Directions: Up to and including the line containing "by case: (opener_between bsg sb blr).", please reproduce the lines of the listing below, starting from the top.

Record excerpts:
╔══

Lemma PhiF_cons_teq k : k \in P -> teq (PhiF n.+1 (U :: sg) k) (W k).
Proof.
move=> kP; have Phi_rm j : j \in P -> j != s -> j != r -> teq (PhiF n sg j) (word_rm j).
  by move=> jP js jr; apply: (realizes_PhiF sg_ok); rewrite mem_pos_rm jP js jr.
have prev_Phi j : teq (prev_word (bpos sg) (PhiF n sg) j) (prev_word pos_rm word_rm j).
  rewrite (eq_prev_word _ _ (perm_mem (realizes_bpos sg_ok))).
  by apply: teq_prev_word => i; rewrite mem_pos_rm => /and3P [iP i_s i_r] _; exact: Phi_rm.
have min_r : all (fun c => U.1.2 <= c.1.2) sg.
  by apply/allP => b /closer_gt_r /ltnW.
rewrite PhiF_cons //= ?(perm_mem bpos_cons_perm) //.
case: (ltngtP k s) => [ks|sk|->].
- have kr := ltn_trans ks ltn_s_r.
  by rewrite -(word_rm_le (ltnW ks)); apply: Phi_rm; rewrite ?neq_ltn ?ks ?kr.
- case: (ltngtP k r) => [kr|rk|->].
  + have k_rm : teq (PhiF n sg k) (word_rm k).
      by apply: Phi_rm; rewrite ?neq_ltn ?sk ?kr ?orbT.
    exact: teq_trans (teq_cons v k_rm) (teq_sym (word_rm_mid kP sk kr)).
  + have sk' := ltn_trans ltn_s_r rk.
    by rewrite -(word_rm_ge (ltnW rk)); apply: Phi_rm; rewrite ?neq_ltn ?rk ?sk' ?orbT.
  + exact: teq_trans (prev_Phi r) prev_rm_r.
- apply: teq_sym; apply: teq_trans Ws (teq_cons v _).
  by rewrite -(prev_rm_le (leqnn s)); exact: teq_sym (prev_Phi s).
Qed.

Lemma opener_cons b : b \in U :: sg -> teq (W b.1.1) (b.2 :: prev_word P W b.1.1).
Proof.
rewrite inE => /orP [/eqP -> //|bsg].
have /andP [b1 _] := mem_bpos_rm bsg; move: b1; rewrite mem_pos_rm => /and3P [_ bs br].
have := realizes_opener sg_ok bsg.
case: (ltngtP b.1.1 s) => [bls|sb|ebs]; last by rewrite ebs eqxx in bs.
  by rewrite word_rm_le ?prev_rm_le ?(ltnW bls).
case: (ltngtP b.1.1 r) => [blr _|rb|ebr]; last by rewrite ebr eqxx in br.
  by case: (opener_between bsg sb blr).
rewrite word_rm_ge ?(ltnW rb) //.
by move/teq_trans; apply; apply: teq_cons; exact: prev_rm_after_r.
Qed.

Lemma closer_cons b : b \in U :: sg -> size (W b.1.2) < size (prev_word P W b.1.2).
Proof.
rewrite inE => /orP [/eqP -> //|bsg]; have rb := closer_gt_r bsg.
have := realizes_closer sg_ok bsg.
rewrite word_rm_ge ?(ltnW rb) //.
by rewrite (teq_size (prev_rm_after_r rb)).
Qed.

Lemma realizes_cons : realizes n.+1 P W (U :: sg).
Proof.
split.
- by rewrite /= (realizes_size sg_ok).
- by move=> b; rewrite inE => /orP [/eqP -> /=|/(realizes_ordered sg_ok)]; first exact: ltn_s_r.
- exact: bpos_cons_perm.
- exact: cross_cons.
- exact: PhiF_cons_teq.
- exact: opener_cons.
- exact: closer_cons.
Qed.

End RemovePair.

Lemma realizes_exists n P W : uniq P -> size P = n.*2 -> trace_path P W ->
  exists bl, realizes n P W bl.
Proof.
elim: n P W => [|n IH] P W uP szP path.
  by move/size0nil: szP => ->; exists [::]; split.
have P0 : P != [::] by rewrite -size_eq0 szP.
case: (ex_minnP (exists_shrink_step uP P0 path)) => r /andP [rP Wr] rmin.
have grow k : k \in P -> k < r -> exists a, teq (W k) (a :: prev_word P W k).
  move=> kP kr; apply: tadj_grow (path.1 k kP) _; rewrite leqNgt; apply/negP => shrink.
  by have := rmin k; rewrite kP shrink => /(_ isT); rewrite leqNgt kr.
have [v] := tadj_shrink (path.1 r rP) Wr.
case: (prev_wordP P W r) => [_ /teq_size //|q qP qr qmax Wq].
have [s [sP sq Ws between]] :=
  find_opener qP (fun k kP kq => grow k kP (leq_ltn_trans kq qr)) Wq.
have size_rm : size (pos_rm P s r) = n.*2.
  by move: (perm_size (perm_pos_rm uP sP rP sq qr)); rewrite szP doubleS => -[].
have [sg sg_ok] := IH _ _ (filter_uniq _ uP) size_rm
  (trace_path_rm sP rP qP sq qr qmax Wq Ws between path).
exists (((s, r), v) :: sg).
exact: (realizes_cons uP sP rP qP sq qr qmax grow Wq Ws between Wr sg_ok).
Qed.

Lemma in_P_trace_path p w : 0 < p -> in_P G p w ->
  trace_path (iota 1 p.*2) (fun k => nth [::] w k.-1).
Proof.
move=> p_gt0 [size_w [adj last_nil]].
set W := fun k => _; set P := iota 1 p.*2.
have prev_iota k : k <= p.*2 -> prev_word P W k.+1 = nth [::] ([::] :: w) k.
  case: k => [_|k kp]; first by apply: prev_word_none => j; rewrite mem_iota => /andP [].
  by rewrite (@prev_word_max _ _ _ k.+1) // mem_iota /= add1n ltnS.
split.
  move=> k; rewrite mem_iota add1n ltnS; case: k => // k /= kp.
  by rewrite prev_iota ?(ltnW kp) //; exact: adj.
move=> m below_m; have p2 : p.*2 \in P.
  by rewrite mem_iota add1n ltnSn andbT -addnn; case: (p) p_gt0.
rewrite (@prev_word_max _ _ _ p.*2) ?below_m //; last first.
  by move=> j; rewrite mem_iota add1n ltnS => /andP [_ ->].
by rewrite /W -size_w nth_last.
Qed.

End PhiInverse.

Theorem lemma3p4 (L : nat) (G : rel 'I_L) (Gsym : symmetric G)
    (Gloopless : irreflexive G) (p : nat) (hp : 1 <= p) (w : seq (word L)) :
  in_P G p w ->
  exists bl : seq (block L),
    in_Pi G p bl /\
    (forall k, k < p.*2 -> traceeq G (nth [::] (Phi p bl) k) (nth [::] w k)).
Proof.
move=> wP; have path := in_P_trace_path hp wP.
have [bl [size_bl ordered bpos_bl cross PhiF_bl _ _]] :=
  realizes_exists Gsym Gloopless (iota_uniq 1 p.*2) (size_iota 1 p.*2) path.
exists bl; split=> // k kp.
rewrite /Phi (nth_map 0) ?size_iota // nth_iota // size_bl add1n.
by apply: PhiF_bl; rewrite mem_iota /= add1n ltnS.
Qed.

╚══

The answer:
Lemma PhiF_cons_teq k : k \in P -> teq (PhiF n.+1 (U :: sg) k) (W k).
Proof.
move=> kP; have Phi_rm j : j \in P -> j != s -> j != r -> teq (PhiF n sg j) (word_rm j).
  by move=> jP js jr; apply: (realizes_PhiF sg_ok); rewrite mem_pos_rm jP js jr.
have prev_Phi j : teq (prev_word (bpos sg) (PhiF n sg) j) (prev_word pos_rm word_rm j).
  rewrite (eq_prev_word _ _ (perm_mem (realizes_bpos sg_ok))).
  by apply: teq_prev_word => i; rewrite mem_pos_rm => /and3P [iP i_s i_r] _; exact: Phi_rm.
have min_r : all (fun c => U.1.2 <= c.1.2) sg.
  by apply/allP => b /closer_gt_r /ltnW.
rewrite PhiF_cons //= ?(perm_mem bpos_cons_perm) //.
case: (ltngtP k s) => [ks|sk|->].
- have kr := ltn_trans ks ltn_s_r.
  by rewrite -(word_rm_le (ltnW ks)); apply: Phi_rm; rewrite ?neq_ltn ?ks ?kr.
- case: (ltngtP k r) => [kr|rk|->].
  + have k_rm : teq (PhiF n sg k) (word_rm k).
      by apply: Phi_rm; rewrite ?neq_ltn ?sk ?kr ?orbT.
    exact: teq_trans (teq_cons v k_rm) (teq_sym (word_rm_mid kP sk kr)).
  + have sk' := ltn_trans ltn_s_r rk.
    by rewrite -(word_rm_ge (ltnW rk)); apply: Phi_rm; rewrite ?neq_ltn ?rk ?sk' ?orbT.
  + exact: teq_trans (prev_Phi r) prev_rm_r.
- apply: teq_sym; apply: teq_trans Ws (teq_cons v _).
  by rewrite -(prev_rm_le (leqnn s)); exact: teq_sym (prev_Phi s).
Qed.

Lemma opener_cons b : b \in U :: sg -> teq (W b.1.1) (b.2 :: prev_word P W b.1.1).
Proof.
rewrite inE => /orP [/eqP -> //|bsg].
have /andP [b1 _] := mem_bpos_rm bsg; move: b1; rewrite mem_pos_rm => /and3P [_ bs br].
have := realizes_opener sg_ok bsg.
case: (ltngtP b.1.1 s) => [bls|sb|ebs]; last by rewrite ebs eqxx in bs.
  by rewrite word_rm_le ?prev_rm_le ?(ltnW bls).
case: (ltngtP b.1.1 r) => [blr _|rb|ebr]; last by rewrite ebr eqxx in br.
  by case: (opener_between bsg sb blr).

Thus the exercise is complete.